[Stored data entries]

(* Let $H=(v_1,\dots,v_6)$ be an embedded equilateral hexagon, considered up to translations and rotations, whose action-angle coordinates $(d_1,d_2,d_3,\theta_1,\theta_2,\theta_3)$ for the $T_{135}$ triangulation are defined. If $J(H)=(-1,1)$, then $\theta_i\in(0,\pi)$ for all $i\in\{1,2,3\}$, and $\theta_1+\theta_2<\pi$, $\theta_1+\theta_3<\pi$, $\theta_2+\theta_3<\pi$.
   Context: An equilateral hexagon is an ordered 6-tuple $H=(v_1,\dots,v_6)$ in $\mathbb{R}^3$ with $\|v_i-v_{i+1}\|=1$ (indices mod 6), edges $e_i=[v_i,v_{i+1}]$, oriented $v_1\to v_2\to\cdots\to v_6\to v_1$; embedded means non-adjacent edges are disjoint and adjacent ones meet only at their common endpoint. Standard position: $v_1=0$, $v_3$ on the positive $x$-axis, $v_5$ in the $xy$-plane with positive $y$-coordinate. Action-angle coordinates ($T_{135}$ triangulation), defined when $v_1,v_3,v_5$ are not collinear and $0<d_i<2$: $d_1=\|v_3-v_1\|$, $d_2=\|v_5-v_3\|$, $d_3=\|v_1-v_5\|$; with $m_1,m_2,m_3$ the midpoints of $[v_1,v_3],[v_3,v_5],[v_5,v_1]$, $u_1,u_2,u_3$ the unit vectors in the $xy$-plane perpendicular to these segments pointing toward the opposite vertex of triangle $v_1v_3v_5$ (toward $v_5,v_1,v_3$ respectively), and $e_z=(0,0,1)$, the angles $\theta_i\in[0,2\pi)$ are determined by $v_{2i}=m_i+\tfrac12\sqrt{4-d_i^2}(\cos\theta_i\,u_i+\sin\theta_i\,e_z)$ (regular planar hexagon: all $\theta_i=\pi$). Joint Chirality-Curl: $curl(H)=\operatorname{sign}\big((v_3-v_1)\times(v_5-v_1)\cdot(v_2-v_1)\big)$. For $i=2,4,6$, $T_i$ is the open triangular disk with vertices $v_{i-1},v_i,v_{i+1}$, oriented by the right-hand rule (normal $(v_i-v_{i-1})\times(v_{i+1}-v_i)$), and $\Delta_i$ is the algebraic intersection number of $T_i$ with the oriented polygon $H$. Then $J(H)=(\Delta_2\Delta_4\Delta_6,\ \Delta_2^2\Delta_4^2\Delta_6^2\,curl(H))$. *)

From Stdlib Require Import Reals Lra ZArith List ClassicalEpsilon.
Open Scope R_scope.

Record vec3 := V3 { vx : R; vy : R; vz : R }.

Definition vadd (a b : vec3) : vec3 := V3 (vx a + vx b) (vy a + vy b) (vz a + vz b).
Definition vsub (a b : vec3) : vec3 := V3 (vx a - vx b) (vy a - vy b) (vz a - vz b).
Definition vscale (c : R) (a : vec3) : vec3 := V3 (c * vx a) (c * vy a) (c * vz a).
Definition dot (a b : vec3) : R := vx a * vx b + vy a * vy b + vz a * vz b.
Definition cross (a b : vec3) : vec3 :=
  V3 (vy a * vz b - vz a * vy b) (vz a * vx b - vx a * vz b) (vx a * vy b - vy a * vx b).
Definition vnorm (a : vec3) : R := sqrt (dot a a).
Definition vzero : vec3 := V3 0 0 0.
Definition ez : vec3 := V3 0 0 1.
Definition midpoint (P Q : vec3) : vec3 := vscale (1/2) (vadd P Q).

(** A hexagon: [vtx H i] is v_i, indices taken mod 6 (v_1 = H 0, ..., v_6 = H 5,
    v_7 = v_1, v_0 = v_6).  Only H 0 .. H 5 matter. *)
Definition hexagon := nat -> vec3.
Definition vtx (H : hexagon) (i : nat) : vec3 := H ((i + 5) mod 6)%nat.

Definition equilateral (H : hexagon) : Prop :=
  forall i : nat, (1 <= i <= 6)%nat -> vnorm (vsub (vtx H (S i)) (vtx H i)) = 1.

Definition on_seg (a b p : vec3) : Prop :=
  exists t : R, 0 <= t <= 1 /\ p = vadd a (vscale t (vsub b a)).

Definition on_edge (H : hexagon) (i : nat) (p : vec3) : Prop :=
  on_seg (vtx H i) (vtx H (S i)) p.

(** Embedded: non-adjacent edges are disjoint, adjacent edges meet only in their
    common endpoint. *)
Definition embedded (H : hexagon) : Prop :=
  forall (i j : nat) (p : vec3), (1 <= i <= 6)%nat -> (1 <= j <= 6)%nat -> i <> j ->
    on_edge H i p -> on_edge H j p ->
    ((j mod 6 = (S i) mod 6)%nat /\ p = vtx H (S i)) \/
    ((i mod 6 = (S j) mod 6)%nat /\ p = vtx H i).

Definition standard_position (H : hexagon) : Prop :=
  vtx H 1 = vzero /\
  vy (vtx H 3) = 0 /\ vz (vtx H 3) = 0 /\ 0 < vx (vtx H 3) /\
  vz (vtx H 5) = 0 /\ 0 < vy (vtx H 5).

Definition collinear (a b c : vec3) : Prop := cross (vsub b a) (vsub c a) = vzero.

(** diagonal lengths d_1 = |v_3 - v_1|, d_2 = |v_5 - v_3|, d_3 = |v_1 - v_5| *)
Definition diag (H : hexagon) (i : nat) : R :=
  vnorm (vsub (vtx H (2 * i + 1)) (vtx H (2 * i - 1))).

Definition aa_defined (H : hexagon) : Prop :=
  ~ collinear (vtx H 1) (vtx H 3) (vtx H 5) /\
  forall i : nat, (1 <= i <= 3)%nat -> 0 < diag H i < 2.

Definition inward_normal (u P Q O : vec3) : Prop :=
  vz u = 0 /\ vnorm u = 1 /\ dot u (vsub Q P) = 0 /\
  0 < dot u (vsub O (midpoint P Q)).

Definition theta_coord (H : hexagon) (i : nat) (theta : R) : Prop :=
  0 <= theta < 2 * PI /\
  exists u : vec3,
    inward_normal u (vtx H (2 * i - 1)) (vtx H (2 * i + 1)) (vtx H (2 * i + 3)) /\
    vtx H (2 * i) =
      vadd (midpoint (vtx H (2 * i - 1)) (vtx H (2 * i + 1)))
           (vscale (1/2 * sqrt (4 - diag H i ^ 2))
                   (vadd (vscale (cos theta) u) (vscale (sin theta) ez))).

Definition sgnZ (x : R) : Z :=
  if Rlt_dec 0 x then 1%Z else if Rlt_dec x 0 then (-1)%Z else 0%Z.

Definition curl (H : hexagon) : Z :=
  sgnZ (dot (cross (vsub (vtx H 3) (vtx H 1)) (vsub (vtx H 5) (vtx H 1)))
            (vsub (vtx H 2) (vtx H 1))).

Definition in_open_tri (A B C p : vec3) : Prop :=
  exists a b c : R, 0 < a /\ 0 < b /\ 0 < c /\ a + b + c = 1 /\
    p = vadd (vadd (vscale a A) (vscale b B)) (vscale c C).

(** Crossings of the plane of the triangle are counted
    with the standard half-open convention (an edge crosses upward iff
    h(a) <= 0 < h(b), downward iff h(b) <= 0 < h(a), where h is the signed
    height over the plane), so that a transverse passage through a vertex is
    counted once and a tangential touch is counted zero; the crossing counts
    iff its point lies in the open triangle. *)
Definition crossing_contrib (A B C a b : vec3) : Z :=
  let n := cross (vsub B A) (vsub C B) in
  let ha := dot n (vsub a A) in
  let hb := dot n (vsub b A) in
  let p := vadd a (vscale (ha / (ha - hb)) (vsub b a)) in
  if excluded_middle_informative (in_open_tri A B C p) then
    (if Rle_dec ha 0 then (if Rlt_dec 0 hb then 1%Z else 0%Z)
     else (if Rle_dec hb 0 then (-1)%Z else 0%Z))
  else 0%Z.

Definition Delta (H : hexagon) (i : nat) : Z :=
  fold_right Z.add 0%Z
    (map (fun j => crossing_contrib (vtx H (i - 1)) (vtx H i) (vtx H (S i))
                                    (vtx H j) (vtx H (S j)))
         (seq 1 6)).

Definition JCC (H : hexagon) : Z * Z :=
  ((Delta H 2 * Delta H 4 * Delta H 6)%Z,
   (Delta H 2 ^ 2 * Delta H 4 ^ 2 * Delta H 6 ^ 2 * curl H)%Z).

From Pilot Require Import Defs.
From Stdlib Require Import Reals ZArith Lra Psatz Lia ClassicalEpsilon.
Open Scope R_scope.

(* In standard position the triangle v1 v3 v5 lies counterclockwise in the xy-plane and each
   even vertex v_2i sits on a flap hinged on one of its sides, raised at the angle theta_i.
   Only the two edges opposite T_i can cross it, and when sin theta_i > 0 the flap geometry
   fixes their signs: the edge from the next flap down to the opposite vertex can only cross
   upwards, the edge from that vertex up to the previous flap only downwards, and a crossing
   forces the sine of the other angle and of its sum with theta_i to be positive.  Two
   triangles sharing a vertex cannot pierce each other, so an upward crossing of T_i excludes
   a downward crossing of the next triangle.  Now curl = 1 gives sin theta_1 > 0, and the
   product of the Delta_i being -1 excludes the all-upward pattern; hence every Delta_i is a
   downward crossing, which yields all the sine inequalities, i.e. the angle inequalities. *)

Ltac vec3_ring :=
  repeat match goal with v : vec3 |- _ => destruct v end;
  unfold vadd, vsub, vscale, dot, cross, midpoint, ez, vzero in *; simpl in *;
  lazymatch goal with |- @eq vec3 _ _ => f_equal | _ => idtac end; first [ring | field].

Definition tri_normal (A B C : vec3) : vec3 := cross (vsub B A) (vsub C B).

(* [height] and [plane_crossing] are the quantities [ha], [hb] and [p] of [crossing_contrib]. *)
Definition height (A B C p : vec3) : R := dot (tri_normal A B C) (vsub p A).

Definition plane_crossing (A B C a b : vec3) : vec3 :=
  vadd a (vscale (height A B C a / (height A B C a - height A B C b)) (vsub b a)).

Definition opposite_sides (ha hb : R) : Prop := ha <= 0 < hb \/ hb <= 0 < ha.

Lemma dot_self_unit u : vnorm u = 1 -> dot u u = 1.
Proof.
  unfold vnorm. intros E.
  assert (Hnn : 0 <= dot u u) by (unfold dot; nra).
  rewrite <- (sqrt_sqrt _ Hnn), E. ring.
Qed.

Lemma tri_normal_rotate A B C : tri_normal B C A = tri_normal A B C.
Proof. unfold tri_normal. vec3_ring. Qed.

Lemma height_A A B C : height A B C A = 0.
Proof. unfold height, tri_normal. vec3_ring. Qed.

Lemma height_B A B C : height A B C B = 0.
Proof. unfold height, tri_normal. vec3_ring. Qed.

Lemma height_C A B C : height A B C C = 0.
Proof. unfold height, tri_normal. vec3_ring. Qed.

Lemma height_degenerate A B C p : tri_normal A B C = vzero -> height A B C p = 0.
Proof. unfold height. intros ->. vec3_ring. Qed.

Lemma in_open_tri_rotate A B C p : in_open_tri A B C p -> in_open_tri B C A p.
Proof.
  intros (a & b & c & Ha & Hb & Hc & Hs & ->).
  exists b, c, a. do 4 (split; [lra|]). vec3_ring.
Qed.

Lemma in_open_tri_reverse A B C p : in_open_tri A B C p -> in_open_tri C B A p.
Proof.
  intros (a & b & c & Ha & Hb & Hc & Hs & ->).
  exists c, b, a. do 4 (split; [lra|]). vec3_ring.
Qed.

Lemma open_tri_vertex_degenerate A B C : in_open_tri A B C A -> tri_normal A B C = vzero.
Proof.
  intros (a & b & c & Ha & Hb & Hc & Hs & E).
  assert (Hdep : vadd (vscale b (vsub B A)) (vscale c (vsub C A)) = vzero).
  { transitivity (vsub (vadd (vadd (vscale a A) (vscale b B)) (vscale c C)) A);
      [replace a with (1 - b - c) by lra; vec3_ring | rewrite <- E; vec3_ring]. }
  assert (Hb_normal : vscale b (tri_normal A B C) =
                      cross (vadd (vscale b (vsub B A)) (vscale c (vsub C A))) (vsub C A))
    by (unfold tri_normal; vec3_ring).
  rewrite Hdep in Hb_normal.
  destruct (tri_normal A B C) as [x y z].
  unfold vscale, cross, vzero in Hb_normal; simpl in Hb_normal.
  injection Hb_normal as Ex Ey Ez. unfold vzero.
  f_equal; apply (Rmult_eq_reg_l b); lra.
Qed.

■ **About this exercise**
Find the word "Import" in the entries, then copy out every line that has it.

■ **Finished task**
From Stdlib Require Import Reals Lra ZArith List ClassicalEpsilon.
From Pilot Require Import Defs.
From Stdlib Require Import Reals ZArith Lra Psatz Lia ClassicalEpsilon.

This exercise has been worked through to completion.